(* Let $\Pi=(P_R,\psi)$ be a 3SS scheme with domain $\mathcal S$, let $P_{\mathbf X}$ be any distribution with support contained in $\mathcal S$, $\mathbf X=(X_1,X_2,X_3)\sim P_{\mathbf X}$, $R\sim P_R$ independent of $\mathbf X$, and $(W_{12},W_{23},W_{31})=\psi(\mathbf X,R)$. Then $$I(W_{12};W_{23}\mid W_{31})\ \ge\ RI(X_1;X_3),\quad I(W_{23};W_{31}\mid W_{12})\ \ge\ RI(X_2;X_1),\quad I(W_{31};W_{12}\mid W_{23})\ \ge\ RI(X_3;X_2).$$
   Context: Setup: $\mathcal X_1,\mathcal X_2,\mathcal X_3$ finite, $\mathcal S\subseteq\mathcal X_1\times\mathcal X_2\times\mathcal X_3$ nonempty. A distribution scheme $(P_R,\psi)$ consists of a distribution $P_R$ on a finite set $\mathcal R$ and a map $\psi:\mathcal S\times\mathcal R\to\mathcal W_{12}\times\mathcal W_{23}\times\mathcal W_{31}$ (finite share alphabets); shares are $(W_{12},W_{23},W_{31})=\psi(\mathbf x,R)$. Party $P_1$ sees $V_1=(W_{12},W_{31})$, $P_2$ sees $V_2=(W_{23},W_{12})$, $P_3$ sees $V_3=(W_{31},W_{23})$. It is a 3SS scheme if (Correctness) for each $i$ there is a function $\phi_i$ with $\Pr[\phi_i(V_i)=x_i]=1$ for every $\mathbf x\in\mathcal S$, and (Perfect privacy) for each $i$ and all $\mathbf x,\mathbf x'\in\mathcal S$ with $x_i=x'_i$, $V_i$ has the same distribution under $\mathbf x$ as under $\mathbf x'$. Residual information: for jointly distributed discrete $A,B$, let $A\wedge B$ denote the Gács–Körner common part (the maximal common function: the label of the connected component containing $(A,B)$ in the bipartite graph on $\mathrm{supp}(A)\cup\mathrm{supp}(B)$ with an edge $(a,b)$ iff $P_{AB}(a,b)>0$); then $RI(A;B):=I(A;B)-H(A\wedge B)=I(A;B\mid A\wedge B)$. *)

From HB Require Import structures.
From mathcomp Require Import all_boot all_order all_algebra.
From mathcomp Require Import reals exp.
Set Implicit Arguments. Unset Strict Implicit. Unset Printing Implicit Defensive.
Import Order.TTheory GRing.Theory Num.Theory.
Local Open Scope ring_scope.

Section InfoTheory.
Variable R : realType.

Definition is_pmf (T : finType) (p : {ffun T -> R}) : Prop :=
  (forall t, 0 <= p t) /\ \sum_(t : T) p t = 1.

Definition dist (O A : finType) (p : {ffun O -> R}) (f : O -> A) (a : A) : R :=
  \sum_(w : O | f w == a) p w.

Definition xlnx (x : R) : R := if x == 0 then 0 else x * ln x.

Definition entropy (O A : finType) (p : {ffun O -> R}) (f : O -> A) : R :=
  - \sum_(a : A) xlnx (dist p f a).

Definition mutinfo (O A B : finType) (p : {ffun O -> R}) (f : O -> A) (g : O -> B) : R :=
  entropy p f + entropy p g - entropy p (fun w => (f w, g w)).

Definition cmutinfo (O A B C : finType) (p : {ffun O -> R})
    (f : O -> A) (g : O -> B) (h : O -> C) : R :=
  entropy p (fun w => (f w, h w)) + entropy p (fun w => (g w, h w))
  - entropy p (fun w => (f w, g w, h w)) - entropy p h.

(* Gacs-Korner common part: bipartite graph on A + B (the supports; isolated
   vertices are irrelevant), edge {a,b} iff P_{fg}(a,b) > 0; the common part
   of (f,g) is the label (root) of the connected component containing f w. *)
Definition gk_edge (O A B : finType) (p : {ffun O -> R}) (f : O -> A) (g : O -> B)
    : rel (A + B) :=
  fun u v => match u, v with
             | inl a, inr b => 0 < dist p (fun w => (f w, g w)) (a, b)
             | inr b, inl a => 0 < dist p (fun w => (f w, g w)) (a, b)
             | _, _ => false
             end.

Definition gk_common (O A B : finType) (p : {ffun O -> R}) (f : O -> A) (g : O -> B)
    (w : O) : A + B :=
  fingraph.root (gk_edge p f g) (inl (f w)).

--

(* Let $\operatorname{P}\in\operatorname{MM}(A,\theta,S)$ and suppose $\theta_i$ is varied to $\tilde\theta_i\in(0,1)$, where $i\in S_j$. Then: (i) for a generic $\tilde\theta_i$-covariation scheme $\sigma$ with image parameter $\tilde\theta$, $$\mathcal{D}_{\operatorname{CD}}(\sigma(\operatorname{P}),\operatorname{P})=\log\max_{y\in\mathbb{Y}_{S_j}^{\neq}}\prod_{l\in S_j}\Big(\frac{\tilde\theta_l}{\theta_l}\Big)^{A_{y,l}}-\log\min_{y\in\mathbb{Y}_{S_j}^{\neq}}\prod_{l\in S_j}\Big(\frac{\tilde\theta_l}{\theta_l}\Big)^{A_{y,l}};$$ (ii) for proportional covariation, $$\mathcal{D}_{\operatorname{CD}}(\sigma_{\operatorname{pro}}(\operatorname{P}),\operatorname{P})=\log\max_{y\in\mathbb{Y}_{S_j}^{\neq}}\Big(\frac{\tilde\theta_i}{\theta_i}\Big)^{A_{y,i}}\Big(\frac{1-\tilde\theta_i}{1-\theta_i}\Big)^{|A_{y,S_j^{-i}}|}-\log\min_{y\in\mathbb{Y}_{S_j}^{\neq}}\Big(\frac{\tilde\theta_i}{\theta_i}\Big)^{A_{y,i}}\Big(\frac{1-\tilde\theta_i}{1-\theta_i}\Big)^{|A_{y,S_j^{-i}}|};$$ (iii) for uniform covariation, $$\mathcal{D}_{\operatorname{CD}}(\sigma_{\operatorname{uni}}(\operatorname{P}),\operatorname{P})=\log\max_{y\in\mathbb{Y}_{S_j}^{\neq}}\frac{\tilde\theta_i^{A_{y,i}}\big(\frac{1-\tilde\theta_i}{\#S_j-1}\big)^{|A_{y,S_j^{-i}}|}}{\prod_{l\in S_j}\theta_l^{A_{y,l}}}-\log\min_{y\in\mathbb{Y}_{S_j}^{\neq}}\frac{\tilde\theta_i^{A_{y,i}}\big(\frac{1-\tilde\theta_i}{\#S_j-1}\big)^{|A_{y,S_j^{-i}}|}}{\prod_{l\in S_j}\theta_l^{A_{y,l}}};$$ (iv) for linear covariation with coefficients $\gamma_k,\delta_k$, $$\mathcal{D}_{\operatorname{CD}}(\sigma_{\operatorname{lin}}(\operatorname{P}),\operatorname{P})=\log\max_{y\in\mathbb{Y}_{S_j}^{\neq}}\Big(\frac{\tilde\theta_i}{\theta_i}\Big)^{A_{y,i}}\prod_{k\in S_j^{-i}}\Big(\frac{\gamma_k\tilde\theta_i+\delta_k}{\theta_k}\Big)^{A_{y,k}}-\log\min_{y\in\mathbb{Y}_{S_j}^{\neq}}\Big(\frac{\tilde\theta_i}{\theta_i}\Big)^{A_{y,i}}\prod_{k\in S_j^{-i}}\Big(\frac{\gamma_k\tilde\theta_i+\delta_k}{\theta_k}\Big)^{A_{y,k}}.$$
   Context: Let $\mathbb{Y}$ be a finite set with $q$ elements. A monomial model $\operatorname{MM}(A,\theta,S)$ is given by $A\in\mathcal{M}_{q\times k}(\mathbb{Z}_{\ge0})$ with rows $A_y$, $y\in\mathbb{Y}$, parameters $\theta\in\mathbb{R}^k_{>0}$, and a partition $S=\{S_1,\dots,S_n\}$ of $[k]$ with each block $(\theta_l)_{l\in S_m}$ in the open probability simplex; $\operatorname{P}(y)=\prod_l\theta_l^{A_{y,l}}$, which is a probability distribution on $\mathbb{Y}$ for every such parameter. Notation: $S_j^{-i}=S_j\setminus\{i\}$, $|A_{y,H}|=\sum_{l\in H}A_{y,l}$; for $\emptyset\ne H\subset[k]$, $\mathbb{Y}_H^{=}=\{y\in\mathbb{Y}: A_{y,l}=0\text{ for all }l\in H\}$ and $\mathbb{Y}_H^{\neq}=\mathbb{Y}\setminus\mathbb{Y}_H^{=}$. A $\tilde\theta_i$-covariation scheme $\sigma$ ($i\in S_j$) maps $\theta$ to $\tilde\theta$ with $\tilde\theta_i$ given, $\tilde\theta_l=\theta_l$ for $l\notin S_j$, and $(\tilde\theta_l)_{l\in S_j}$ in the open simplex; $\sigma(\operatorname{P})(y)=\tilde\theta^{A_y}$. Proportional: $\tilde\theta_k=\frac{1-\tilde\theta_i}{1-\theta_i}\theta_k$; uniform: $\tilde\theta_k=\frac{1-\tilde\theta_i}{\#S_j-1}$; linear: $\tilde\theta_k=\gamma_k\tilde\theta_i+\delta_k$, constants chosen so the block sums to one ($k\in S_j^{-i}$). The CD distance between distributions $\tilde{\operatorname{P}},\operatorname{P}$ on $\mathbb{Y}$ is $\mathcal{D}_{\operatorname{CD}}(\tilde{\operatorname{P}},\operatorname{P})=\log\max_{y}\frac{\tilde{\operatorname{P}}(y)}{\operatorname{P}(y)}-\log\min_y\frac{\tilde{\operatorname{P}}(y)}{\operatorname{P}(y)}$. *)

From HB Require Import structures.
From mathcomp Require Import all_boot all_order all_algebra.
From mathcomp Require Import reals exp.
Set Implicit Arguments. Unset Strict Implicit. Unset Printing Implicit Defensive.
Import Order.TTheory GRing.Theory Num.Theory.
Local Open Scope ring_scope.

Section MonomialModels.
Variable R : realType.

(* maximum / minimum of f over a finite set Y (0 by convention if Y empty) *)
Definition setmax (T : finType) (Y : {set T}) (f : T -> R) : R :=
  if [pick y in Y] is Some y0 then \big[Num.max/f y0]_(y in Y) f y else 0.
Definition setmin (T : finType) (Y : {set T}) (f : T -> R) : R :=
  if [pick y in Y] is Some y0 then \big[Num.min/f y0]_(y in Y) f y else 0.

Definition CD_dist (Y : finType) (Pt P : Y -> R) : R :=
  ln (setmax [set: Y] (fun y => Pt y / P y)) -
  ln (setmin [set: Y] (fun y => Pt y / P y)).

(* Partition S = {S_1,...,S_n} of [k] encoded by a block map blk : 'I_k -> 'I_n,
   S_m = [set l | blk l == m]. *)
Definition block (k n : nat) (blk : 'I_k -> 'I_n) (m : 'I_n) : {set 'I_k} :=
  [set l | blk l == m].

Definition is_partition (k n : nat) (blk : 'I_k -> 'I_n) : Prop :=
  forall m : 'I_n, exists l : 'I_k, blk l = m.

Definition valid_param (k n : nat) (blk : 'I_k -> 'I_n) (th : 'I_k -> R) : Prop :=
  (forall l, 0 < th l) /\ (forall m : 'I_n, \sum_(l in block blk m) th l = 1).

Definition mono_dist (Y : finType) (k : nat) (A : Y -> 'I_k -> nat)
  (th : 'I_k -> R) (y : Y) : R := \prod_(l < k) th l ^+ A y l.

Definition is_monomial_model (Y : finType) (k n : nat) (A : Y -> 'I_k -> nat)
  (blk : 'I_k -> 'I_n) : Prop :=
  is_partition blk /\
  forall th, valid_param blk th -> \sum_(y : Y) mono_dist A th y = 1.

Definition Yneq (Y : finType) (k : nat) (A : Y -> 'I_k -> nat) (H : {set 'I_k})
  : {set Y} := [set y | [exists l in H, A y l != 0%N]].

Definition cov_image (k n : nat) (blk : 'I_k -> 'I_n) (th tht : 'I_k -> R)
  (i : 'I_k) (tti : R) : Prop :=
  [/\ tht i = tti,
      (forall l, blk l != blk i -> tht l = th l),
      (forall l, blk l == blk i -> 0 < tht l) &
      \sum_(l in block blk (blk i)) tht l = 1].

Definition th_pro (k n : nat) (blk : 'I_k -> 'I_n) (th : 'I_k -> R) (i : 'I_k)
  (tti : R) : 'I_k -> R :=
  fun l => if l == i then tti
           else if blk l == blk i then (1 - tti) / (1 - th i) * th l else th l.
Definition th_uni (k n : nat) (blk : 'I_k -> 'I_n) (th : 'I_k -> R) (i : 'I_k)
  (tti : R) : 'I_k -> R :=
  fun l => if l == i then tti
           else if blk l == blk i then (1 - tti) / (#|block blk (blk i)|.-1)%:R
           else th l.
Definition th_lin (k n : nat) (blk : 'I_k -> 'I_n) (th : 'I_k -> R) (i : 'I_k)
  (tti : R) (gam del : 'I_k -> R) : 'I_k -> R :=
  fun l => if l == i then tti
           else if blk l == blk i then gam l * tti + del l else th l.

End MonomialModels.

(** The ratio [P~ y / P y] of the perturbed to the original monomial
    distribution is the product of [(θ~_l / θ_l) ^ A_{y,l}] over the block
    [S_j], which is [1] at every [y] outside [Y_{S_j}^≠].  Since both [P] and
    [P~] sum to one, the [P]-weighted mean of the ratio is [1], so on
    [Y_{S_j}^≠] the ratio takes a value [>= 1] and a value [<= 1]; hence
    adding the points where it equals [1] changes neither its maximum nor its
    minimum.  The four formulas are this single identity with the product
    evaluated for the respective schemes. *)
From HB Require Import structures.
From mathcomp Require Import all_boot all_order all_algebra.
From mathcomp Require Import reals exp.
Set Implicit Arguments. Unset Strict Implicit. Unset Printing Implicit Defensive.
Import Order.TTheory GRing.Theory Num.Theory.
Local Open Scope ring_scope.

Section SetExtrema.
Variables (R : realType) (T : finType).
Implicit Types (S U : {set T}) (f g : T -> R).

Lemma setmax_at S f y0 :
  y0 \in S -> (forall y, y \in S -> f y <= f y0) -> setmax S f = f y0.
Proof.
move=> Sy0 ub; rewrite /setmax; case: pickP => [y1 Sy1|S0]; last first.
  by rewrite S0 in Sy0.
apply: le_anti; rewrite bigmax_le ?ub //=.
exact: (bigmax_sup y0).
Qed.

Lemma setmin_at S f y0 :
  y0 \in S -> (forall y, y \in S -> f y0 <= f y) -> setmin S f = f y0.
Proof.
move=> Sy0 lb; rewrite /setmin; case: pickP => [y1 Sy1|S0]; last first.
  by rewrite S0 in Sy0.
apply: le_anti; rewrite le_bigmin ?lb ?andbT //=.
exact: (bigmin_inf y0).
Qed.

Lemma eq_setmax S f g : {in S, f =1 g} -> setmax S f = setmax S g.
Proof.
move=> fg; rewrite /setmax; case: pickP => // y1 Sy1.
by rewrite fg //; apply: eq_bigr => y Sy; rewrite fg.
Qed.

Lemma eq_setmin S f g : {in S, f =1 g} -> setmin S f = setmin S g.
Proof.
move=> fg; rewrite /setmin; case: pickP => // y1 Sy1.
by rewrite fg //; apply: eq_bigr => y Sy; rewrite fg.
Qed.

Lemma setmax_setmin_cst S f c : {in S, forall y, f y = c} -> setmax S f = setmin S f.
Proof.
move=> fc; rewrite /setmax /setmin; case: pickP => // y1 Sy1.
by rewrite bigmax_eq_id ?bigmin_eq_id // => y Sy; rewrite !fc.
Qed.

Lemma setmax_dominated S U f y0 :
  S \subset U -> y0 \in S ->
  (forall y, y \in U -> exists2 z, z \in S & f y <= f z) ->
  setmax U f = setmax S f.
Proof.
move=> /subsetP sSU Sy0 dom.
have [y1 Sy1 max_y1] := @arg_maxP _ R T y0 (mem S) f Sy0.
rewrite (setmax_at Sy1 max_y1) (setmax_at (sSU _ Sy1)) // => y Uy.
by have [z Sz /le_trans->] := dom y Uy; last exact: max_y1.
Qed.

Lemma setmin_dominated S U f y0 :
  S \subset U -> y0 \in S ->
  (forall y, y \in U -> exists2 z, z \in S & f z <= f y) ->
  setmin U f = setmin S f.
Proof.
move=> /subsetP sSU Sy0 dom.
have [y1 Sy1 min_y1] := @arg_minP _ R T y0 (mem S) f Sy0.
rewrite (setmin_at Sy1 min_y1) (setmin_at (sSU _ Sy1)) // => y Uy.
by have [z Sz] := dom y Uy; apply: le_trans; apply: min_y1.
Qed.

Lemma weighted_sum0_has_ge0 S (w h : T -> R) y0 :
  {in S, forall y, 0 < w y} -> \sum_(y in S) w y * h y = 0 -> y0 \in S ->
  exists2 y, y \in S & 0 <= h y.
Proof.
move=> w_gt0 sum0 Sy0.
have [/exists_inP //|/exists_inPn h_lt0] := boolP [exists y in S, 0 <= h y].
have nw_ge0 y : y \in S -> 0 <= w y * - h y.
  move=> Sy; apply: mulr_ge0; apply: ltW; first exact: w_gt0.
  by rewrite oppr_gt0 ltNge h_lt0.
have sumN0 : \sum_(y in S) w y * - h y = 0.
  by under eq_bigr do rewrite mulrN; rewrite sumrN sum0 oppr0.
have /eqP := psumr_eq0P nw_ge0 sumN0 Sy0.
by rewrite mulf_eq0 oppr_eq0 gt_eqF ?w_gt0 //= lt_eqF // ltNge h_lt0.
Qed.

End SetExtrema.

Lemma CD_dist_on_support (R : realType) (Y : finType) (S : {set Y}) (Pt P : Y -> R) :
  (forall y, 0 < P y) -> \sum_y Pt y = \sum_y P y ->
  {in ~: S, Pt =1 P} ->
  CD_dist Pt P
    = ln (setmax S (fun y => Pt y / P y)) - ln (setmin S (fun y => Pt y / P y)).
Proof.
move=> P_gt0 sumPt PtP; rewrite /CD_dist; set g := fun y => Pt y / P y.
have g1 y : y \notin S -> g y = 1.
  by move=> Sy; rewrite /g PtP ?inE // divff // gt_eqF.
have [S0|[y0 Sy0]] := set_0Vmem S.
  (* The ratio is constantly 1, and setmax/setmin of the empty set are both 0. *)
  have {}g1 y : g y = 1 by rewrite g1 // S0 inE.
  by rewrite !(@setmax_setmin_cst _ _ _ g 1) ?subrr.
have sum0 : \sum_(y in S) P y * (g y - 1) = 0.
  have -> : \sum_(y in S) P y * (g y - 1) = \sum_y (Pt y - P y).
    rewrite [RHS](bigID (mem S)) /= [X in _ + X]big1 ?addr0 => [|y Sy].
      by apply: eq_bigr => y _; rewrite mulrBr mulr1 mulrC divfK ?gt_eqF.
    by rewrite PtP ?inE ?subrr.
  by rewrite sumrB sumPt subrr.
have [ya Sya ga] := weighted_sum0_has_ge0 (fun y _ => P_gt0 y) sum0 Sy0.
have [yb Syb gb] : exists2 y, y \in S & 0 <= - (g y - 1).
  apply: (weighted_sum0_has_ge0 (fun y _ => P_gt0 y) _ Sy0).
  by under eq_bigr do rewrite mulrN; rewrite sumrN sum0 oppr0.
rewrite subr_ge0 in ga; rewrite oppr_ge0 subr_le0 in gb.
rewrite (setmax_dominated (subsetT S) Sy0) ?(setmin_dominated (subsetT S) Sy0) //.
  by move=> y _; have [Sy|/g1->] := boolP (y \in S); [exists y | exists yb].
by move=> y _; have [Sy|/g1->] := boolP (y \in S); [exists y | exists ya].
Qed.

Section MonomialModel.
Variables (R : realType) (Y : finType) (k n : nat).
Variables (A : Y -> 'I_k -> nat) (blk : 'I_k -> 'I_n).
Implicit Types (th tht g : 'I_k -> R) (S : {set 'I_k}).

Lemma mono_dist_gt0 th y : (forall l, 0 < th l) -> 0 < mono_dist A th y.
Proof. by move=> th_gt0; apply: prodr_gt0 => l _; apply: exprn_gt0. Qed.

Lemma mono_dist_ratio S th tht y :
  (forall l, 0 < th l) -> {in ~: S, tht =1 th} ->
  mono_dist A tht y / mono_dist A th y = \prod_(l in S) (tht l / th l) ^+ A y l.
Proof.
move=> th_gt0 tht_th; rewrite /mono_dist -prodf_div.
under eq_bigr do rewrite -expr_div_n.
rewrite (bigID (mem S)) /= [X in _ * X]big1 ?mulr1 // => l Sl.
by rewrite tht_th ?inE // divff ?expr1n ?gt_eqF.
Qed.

● WORK TO BE COMPLETED: Retype only this portion of the data above: the line containing "blk (blk i)|.-1)%:R", the line containing "distribution is the", and all lines between them, exactly.

● TASK RESULT:
           else if blk l == blk i then (1 - tti) / (#|block blk (blk i)|.-1)%:R
           else th l.
Definition th_lin (k n : nat) (blk : 'I_k -> 'I_n) (th : 'I_k -> R) (i : 'I_k)
  (tti : R) (gam del : 'I_k -> R) : 'I_k -> R :=
  fun l => if l == i then tti
           else if blk l == blk i then gam l * tti + del l else th l.

End MonomialModels.

(** The ratio [P~ y / P y] of the perturbed to the original monomial
    distribution is the product of [(θ~_l / θ_l) ^ A_{y,l}] over the block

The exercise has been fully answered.